(Working data begins)

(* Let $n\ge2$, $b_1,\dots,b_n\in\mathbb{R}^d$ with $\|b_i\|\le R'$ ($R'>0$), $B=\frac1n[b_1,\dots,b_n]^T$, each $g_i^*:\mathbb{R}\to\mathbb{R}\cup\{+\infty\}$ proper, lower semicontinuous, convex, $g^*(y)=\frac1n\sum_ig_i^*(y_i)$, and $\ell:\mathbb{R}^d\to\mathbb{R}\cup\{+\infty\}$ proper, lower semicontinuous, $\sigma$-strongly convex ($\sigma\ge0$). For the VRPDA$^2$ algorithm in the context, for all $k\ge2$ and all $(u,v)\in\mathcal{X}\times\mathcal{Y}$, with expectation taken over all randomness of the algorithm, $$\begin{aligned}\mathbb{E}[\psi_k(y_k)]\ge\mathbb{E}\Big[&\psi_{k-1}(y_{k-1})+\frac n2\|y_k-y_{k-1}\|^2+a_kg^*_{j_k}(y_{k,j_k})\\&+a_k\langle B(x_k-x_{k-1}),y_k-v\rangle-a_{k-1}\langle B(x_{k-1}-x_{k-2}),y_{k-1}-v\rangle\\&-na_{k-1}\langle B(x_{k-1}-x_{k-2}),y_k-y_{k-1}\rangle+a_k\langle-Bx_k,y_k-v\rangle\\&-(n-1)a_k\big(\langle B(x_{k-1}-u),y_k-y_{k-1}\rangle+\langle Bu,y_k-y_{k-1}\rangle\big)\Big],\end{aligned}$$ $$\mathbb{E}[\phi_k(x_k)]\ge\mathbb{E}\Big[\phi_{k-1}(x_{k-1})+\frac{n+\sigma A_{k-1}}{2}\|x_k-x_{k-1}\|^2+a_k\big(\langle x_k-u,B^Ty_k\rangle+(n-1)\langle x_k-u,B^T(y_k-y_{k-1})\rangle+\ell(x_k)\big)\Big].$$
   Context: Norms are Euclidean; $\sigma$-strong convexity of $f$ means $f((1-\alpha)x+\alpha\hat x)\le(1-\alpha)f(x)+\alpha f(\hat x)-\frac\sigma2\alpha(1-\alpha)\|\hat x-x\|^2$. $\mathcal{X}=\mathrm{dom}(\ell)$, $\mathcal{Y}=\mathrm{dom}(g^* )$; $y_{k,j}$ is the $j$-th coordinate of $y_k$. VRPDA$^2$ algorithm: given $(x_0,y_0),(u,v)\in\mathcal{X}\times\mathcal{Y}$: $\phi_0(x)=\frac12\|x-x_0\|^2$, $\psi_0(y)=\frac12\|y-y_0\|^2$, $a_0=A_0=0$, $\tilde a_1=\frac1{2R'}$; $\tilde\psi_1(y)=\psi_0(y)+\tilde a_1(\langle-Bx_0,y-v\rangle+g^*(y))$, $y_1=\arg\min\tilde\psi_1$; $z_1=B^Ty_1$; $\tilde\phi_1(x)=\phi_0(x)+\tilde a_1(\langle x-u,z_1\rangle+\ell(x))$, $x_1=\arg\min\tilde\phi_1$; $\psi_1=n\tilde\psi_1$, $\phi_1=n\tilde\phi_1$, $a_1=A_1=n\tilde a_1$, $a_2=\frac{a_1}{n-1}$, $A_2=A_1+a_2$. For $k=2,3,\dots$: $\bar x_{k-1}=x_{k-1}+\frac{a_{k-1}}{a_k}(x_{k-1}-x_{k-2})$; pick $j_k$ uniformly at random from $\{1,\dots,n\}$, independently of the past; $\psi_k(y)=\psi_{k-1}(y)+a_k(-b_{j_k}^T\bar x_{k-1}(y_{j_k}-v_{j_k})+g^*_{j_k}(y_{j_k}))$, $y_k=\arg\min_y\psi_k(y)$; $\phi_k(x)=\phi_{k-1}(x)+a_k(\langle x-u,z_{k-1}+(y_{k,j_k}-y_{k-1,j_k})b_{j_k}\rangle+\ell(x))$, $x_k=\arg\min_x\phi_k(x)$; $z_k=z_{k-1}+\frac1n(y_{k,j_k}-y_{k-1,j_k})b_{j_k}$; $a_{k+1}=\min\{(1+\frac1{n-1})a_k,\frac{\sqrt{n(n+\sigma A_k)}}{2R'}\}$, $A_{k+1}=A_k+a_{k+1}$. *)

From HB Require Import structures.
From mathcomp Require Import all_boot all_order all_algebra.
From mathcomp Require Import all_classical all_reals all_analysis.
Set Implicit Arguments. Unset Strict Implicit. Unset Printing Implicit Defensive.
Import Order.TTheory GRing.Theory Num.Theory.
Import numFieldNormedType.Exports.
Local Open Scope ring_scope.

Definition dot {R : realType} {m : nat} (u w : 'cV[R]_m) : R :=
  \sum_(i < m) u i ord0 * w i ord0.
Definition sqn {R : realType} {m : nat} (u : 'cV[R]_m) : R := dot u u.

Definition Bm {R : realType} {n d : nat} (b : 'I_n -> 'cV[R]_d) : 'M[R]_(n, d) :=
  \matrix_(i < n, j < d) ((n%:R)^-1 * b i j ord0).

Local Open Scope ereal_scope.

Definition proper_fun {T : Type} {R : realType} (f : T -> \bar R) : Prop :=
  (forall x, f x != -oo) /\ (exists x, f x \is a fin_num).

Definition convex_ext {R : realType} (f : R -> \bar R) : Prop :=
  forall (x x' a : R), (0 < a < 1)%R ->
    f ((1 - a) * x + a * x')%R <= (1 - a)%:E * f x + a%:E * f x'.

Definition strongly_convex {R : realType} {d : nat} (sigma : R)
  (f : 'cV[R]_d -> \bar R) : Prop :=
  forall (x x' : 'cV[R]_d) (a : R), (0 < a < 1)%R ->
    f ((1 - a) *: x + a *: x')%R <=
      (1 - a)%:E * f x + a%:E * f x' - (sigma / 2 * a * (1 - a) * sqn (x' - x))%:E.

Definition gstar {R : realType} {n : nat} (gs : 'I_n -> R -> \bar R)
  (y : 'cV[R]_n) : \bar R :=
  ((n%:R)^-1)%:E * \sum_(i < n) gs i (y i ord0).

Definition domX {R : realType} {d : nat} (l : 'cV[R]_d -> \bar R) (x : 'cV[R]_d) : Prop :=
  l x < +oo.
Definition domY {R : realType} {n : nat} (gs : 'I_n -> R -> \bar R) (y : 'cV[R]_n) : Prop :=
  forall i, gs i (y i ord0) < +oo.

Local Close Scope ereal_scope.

(Working data ends)

What you need to do →
Every entry, from top to bottom, should be repeated word for word.

Completed exercise →
(* Let $n\ge2$, $b_1,\dots,b_n\in\mathbb{R}^d$ with $\|b_i\|\le R'$ ($R'>0$), $B=\frac1n[b_1,\dots,b_n]^T$, each $g_i^*:\mathbb{R}\to\mathbb{R}\cup\{+\infty\}$ proper, lower semicontinuous, convex, $g^*(y)=\frac1n\sum_ig_i^*(y_i)$, and $\ell:\mathbb{R}^d\to\mathbb{R}\cup\{+\infty\}$ proper, lower semicontinuous, $\sigma$-strongly convex ($\sigma\ge0$). For the VRPDA$^2$ algorithm in the context, for all $k\ge2$ and all $(u,v)\in\mathcal{X}\times\mathcal{Y}$, with expectation taken over all randomness of the algorithm, $$\begin{aligned}\mathbb{E}[\psi_k(y_k)]\ge\mathbb{E}\Big[&\psi_{k-1}(y_{k-1})+\frac n2\|y_k-y_{k-1}\|^2+a_kg^*_{j_k}(y_{k,j_k})\\&+a_k\langle B(x_k-x_{k-1}),y_k-v\rangle-a_{k-1}\langle B(x_{k-1}-x_{k-2}),y_{k-1}-v\rangle\\&-na_{k-1}\langle B(x_{k-1}-x_{k-2}),y_k-y_{k-1}\rangle+a_k\langle-Bx_k,y_k-v\rangle\\&-(n-1)a_k\big(\langle B(x_{k-1}-u),y_k-y_{k-1}\rangle+\langle Bu,y_k-y_{k-1}\rangle\big)\Big],\end{aligned}$$ $$\mathbb{E}[\phi_k(x_k)]\ge\mathbb{E}\Big[\phi_{k-1}(x_{k-1})+\frac{n+\sigma A_{k-1}}{2}\|x_k-x_{k-1}\|^2+a_k\big(\langle x_k-u,B^Ty_k\rangle+(n-1)\langle x_k-u,B^T(y_k-y_{k-1})\rangle+\ell(x_k)\big)\Big].$$
   Context: Norms are Euclidean; $\sigma$-strong convexity of $f$ means $f((1-\alpha)x+\alpha\hat x)\le(1-\alpha)f(x)+\alpha f(\hat x)-\frac\sigma2\alpha(1-\alpha)\|\hat x-x\|^2$. $\mathcal{X}=\mathrm{dom}(\ell)$, $\mathcal{Y}=\mathrm{dom}(g^* )$; $y_{k,j}$ is the $j$-th coordinate of $y_k$. VRPDA$^2$ algorithm: given $(x_0,y_0),(u,v)\in\mathcal{X}\times\mathcal{Y}$: $\phi_0(x)=\frac12\|x-x_0\|^2$, $\psi_0(y)=\frac12\|y-y_0\|^2$, $a_0=A_0=0$, $\tilde a_1=\frac1{2R'}$; $\tilde\psi_1(y)=\psi_0(y)+\tilde a_1(\langle-Bx_0,y-v\rangle+g^*(y))$, $y_1=\arg\min\tilde\psi_1$; $z_1=B^Ty_1$; $\tilde\phi_1(x)=\phi_0(x)+\tilde a_1(\langle x-u,z_1\rangle+\ell(x))$, $x_1=\arg\min\tilde\phi_1$; $\psi_1=n\tilde\psi_1$, $\phi_1=n\tilde\phi_1$, $a_1=A_1=n\tilde a_1$, $a_2=\frac{a_1}{n-1}$, $A_2=A_1+a_2$. For $k=2,3,\dots$: $\bar x_{k-1}=x_{k-1}+\frac{a_{k-1}}{a_k}(x_{k-1}-x_{k-2})$; pick $j_k$ uniformly at random from $\{1,\dots,n\}$, independently of the past; $\psi_k(y)=\psi_{k-1}(y)+a_k(-b_{j_k}^T\bar x_{k-1}(y_{j_k}-v_{j_k})+g^*_{j_k}(y_{j_k}))$, $y_k=\arg\min_y\psi_k(y)$; $\phi_k(x)=\phi_{k-1}(x)+a_k(\langle x-u,z_{k-1}+(y_{k,j_k}-y_{k-1,j_k})b_{j_k}\rangle+\ell(x))$, $x_k=\arg\min_x\phi_k(x)$; $z_k=z_{k-1}+\frac1n(y_{k,j_k}-y_{k-1,j_k})b_{j_k}$; $a_{k+1}=\min\{(1+\frac1{n-1})a_k,\frac{\sqrt{n(n+\sigma A_k)}}{2R'}\}$, $A_{k+1}=A_k+a_{k+1}$. *)

From HB Require Import structures.
From mathcomp Require Import all_boot all_order all_algebra.
From mathcomp Require Import all_classical all_reals all_analysis.
Set Implicit Arguments. Unset Strict Implicit. Unset Printing Implicit Defensive.
Import Order.TTheory GRing.Theory Num.Theory.
Import numFieldNormedType.Exports.
Local Open Scope ring_scope.

Definition dot {R : realType} {m : nat} (u w : 'cV[R]_m) : R :=
  \sum_(i < m) u i ord0 * w i ord0.
Definition sqn {R : realType} {m : nat} (u : 'cV[R]_m) : R := dot u u.

Definition Bm {R : realType} {n d : nat} (b : 'I_n -> 'cV[R]_d) : 'M[R]_(n, d) :=
  \matrix_(i < n, j < d) ((n%:R)^-1 * b i j ord0).

Local Open Scope ereal_scope.

Definition proper_fun {T : Type} {R : realType} (f : T -> \bar R) : Prop :=
  (forall x, f x != -oo) /\ (exists x, f x \is a fin_num).

Definition convex_ext {R : realType} (f : R -> \bar R) : Prop :=
  forall (x x' a : R), (0 < a < 1)%R ->
    f ((1 - a) * x + a * x')%R <= (1 - a)%:E * f x + a%:E * f x'.

Definition strongly_convex {R : realType} {d : nat} (sigma : R)
  (f : 'cV[R]_d -> \bar R) : Prop :=
  forall (x x' : 'cV[R]_d) (a : R), (0 < a < 1)%R ->
    f ((1 - a) *: x + a *: x')%R <=
      (1 - a)%:E * f x + a%:E * f x' - (sigma / 2 * a * (1 - a) * sqn (x' - x))%:E.

Definition gstar {R : realType} {n : nat} (gs : 'I_n -> R -> \bar R)
  (y : 'cV[R]_n) : \bar R :=
  ((n%:R)^-1)%:E * \sum_(i < n) gs i (y i ord0).

Definition domX {R : realType} {d : nat} (l : 'cV[R]_d -> \bar R) (x : 'cV[R]_d) : Prop :=
  l x < +oo.
Definition domY {R : realType} {n : nat} (gs : 'I_n -> R -> \bar R) (y : 'cV[R]_n) : Prop :=
  forall i, gs i (y i ord0) < +oo.

Local Close Scope ereal_scope.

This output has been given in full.